Prompt:
Only lines with the string "then" are wanted. Pull them out of the data.

Data shown:
━━━━━━━━━━━━━━━━━━━━

Lemma graph_stateE N (E : rel 'I_N) (w : bits N) :
  graph_state R E w = (invsqrt2 R ^+ N)%:C * cz_sign E w.
Proof.
rewrite /graph_state /cz_sign mulrC; elim: (edges E) => [|e l IH].
  by rewrite big_nil mul1r.
by rewrite /= /CZ IH big_cons mulrA.
Qed.

Definition gate_graph q m (z : 'I_m -> bits q) : rel 'I_(q + m) :=
  fun j k => match split j, split k with inl i, inr g => z g i | _, _ => false end.

Lemma cz_sign_gate_graph q m (z : 'I_m -> bits q) a b :
  cz_sign (gate_graph z) (catb a b) =
  \prod_(i < q) \prod_(g < m) (if z g i && a i && b g then -1 else 1).
Proof.
rewrite /cz_sign /edges big_filter big_mkcond big_enum /=.
rewrite -(pair_bigA _ (fun j k : 'I_(q + m) =>
  if (j < k)%N && (gate_graph z j k || gate_graph z k j) then
    (if catb a b j && catb a b k then -1 else 1) else 1 : C)) /=.
rewrite big_split_ord /= [X in _ * X]big1 ?mulr1; last first.
  move=> g _; rewrite big_split_ord /= !big1 ?mulr1 // => k _;
    rewrite /gate_graph ?split_lshift ?split_rshift /= ?andbF //.
  by rewrite ltnNge (leq_trans (ltnW (ltn_ord k))) ?leq_addr.
apply: eq_bigr => i _; rewrite big_split_ord /= big1 ?mul1r; last first.
  by move=> k _; rewrite /gate_graph !split_lshift /= andbF.
apply: eq_bigr => g _.
rewrite /gate_graph split_lshift split_rshift catb_lshift catb_rshift orbF.
by rewrite (leq_trans (ltn_ord i)) ?leq_addr /=; case: (z g i).
Qed.

End GraphStates.

Section Bases.
Variable R : realType.
Local Notation C := R[i].

Lemma cconjE (z : C) : cconj z = z^*.
Proof. by case: z. Qed.

Lemma normsq_scale (r : R) (z : C) : normsq (r%:C * z) = r ^+ 2 * normsq z.
Proof. by case: z => a b; rewrite /normsq /=; ring. Qed.

Definition xbasis : qubit_basis R :=
  fun s k => (if s && k then -1 else 1) * (invsqrt2 R)%:C.

Definition gate_basis (th : R) : qubit_basis R :=
  fun s k => if s == k then (cos th)%:C else - 'i * (sin th)%:C.

Lemma xbasis_onb : qubit_onb xbasis.
Proof.
have half : invsqrt2 R ^+ 2 * 2 = 1 by have := invsqrt2_pow2 R 1; rewrite expr1.
move=> s t; rewrite !cconjE /xbasis.
by case: s; case: t; apply/eqP; rewrite eq_complex /=; simpc;
  rewrite ?andbT //; apply/eqP; rewrite -half; ring.
Qed.

Lemma gate_basis_onb th : qubit_onb (gate_basis th).
Proof.
move=> s t; rewrite !cconjE /gate_basis; have cs := cos2Dsin2 th.
by case: s; case: t => /=; apply/eqP; rewrite eq_complex /=; simpc;
  rewrite ?andbT ?andTb; apply/eqP; rewrite -?cs; ring.
Qed.

Lemma xbasis_overlap q (t a : bits q) :
  \prod_(i < q) cconj (xbasis (t i) (a i)) = ((invsqrt2 R) ^+ q)%:C * walsh R t a.
Proof.
have -> : ((invsqrt2 R) ^+ q)%:C = \prod_(i < q) (invsqrt2 R)%:C :> C.
  by rewrite prodr_const card_ord rmorphXn.
rewrite /walsh -big_split /=.
apply: eq_bigr => i _; rewrite cconjE /xbasis.
by case: (t i && a i); apply/eqP; rewrite eq_complex /=; simpc.
Qed.

(* Contracting one gate vertex against its neighbours' sign x = +-1 yields the
   gate eigenvalue, up to the byproduct x^s of the outcome s. *)
Lemma gate_basis_overlap th (s : bool) (x : C) : x * x = 1 ->
  cconj (gate_basis th s false) + cconj (gate_basis th s true) * x
  = (if s then x else 1) * ((cos th)%:C + 'i * (sin th)%:C * x).
Proof.
move=> xx; have conj_real (r : R) : cconj r%:C = r%:C by rewrite cconjE conjc_real.
have conj_mi : cconj (- 'i * (sin th)%:C) = 'i * (sin th)%:C.
  by apply/eqP; rewrite eq_complex /=; simpc.
case: s; rewrite /gate_basis !eqxx -?[false == true]/false -?[true == false]/false.
  by rewrite conj_real conj_mi mulrDr mulrCA xx; ring.
by rewrite conj_real conj_mi; ring.
Qed.

End Bases.

Section Embedding.
Variables (R : realType) (q : nat) (gs : seq (gate R q)).
Local Notation C := R[i].
Local Notation m := (size gs).
Local Notation rho := (invsqrt2 R).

━━━━━━━━━━━━━━━━━━━━

Completed task:
  \prod_(i < q) \prod_(g < m) (if z g i && a i && b g then -1 else 1).
  if (j < k)%N && (gate_graph z j k || gate_graph z k j) then
    (if catb a b j && catb a b k then -1 else 1) else 1 : C)) /=.
  fun s k => (if s && k then -1 else 1) * (invsqrt2 R)%:C.
  fun s k => if s == k then (cos th)%:C else - 'i * (sin th)%:C.
  = (if s then x else 1) * ((cos th)%:C + 'i * (sin th)%:C * x).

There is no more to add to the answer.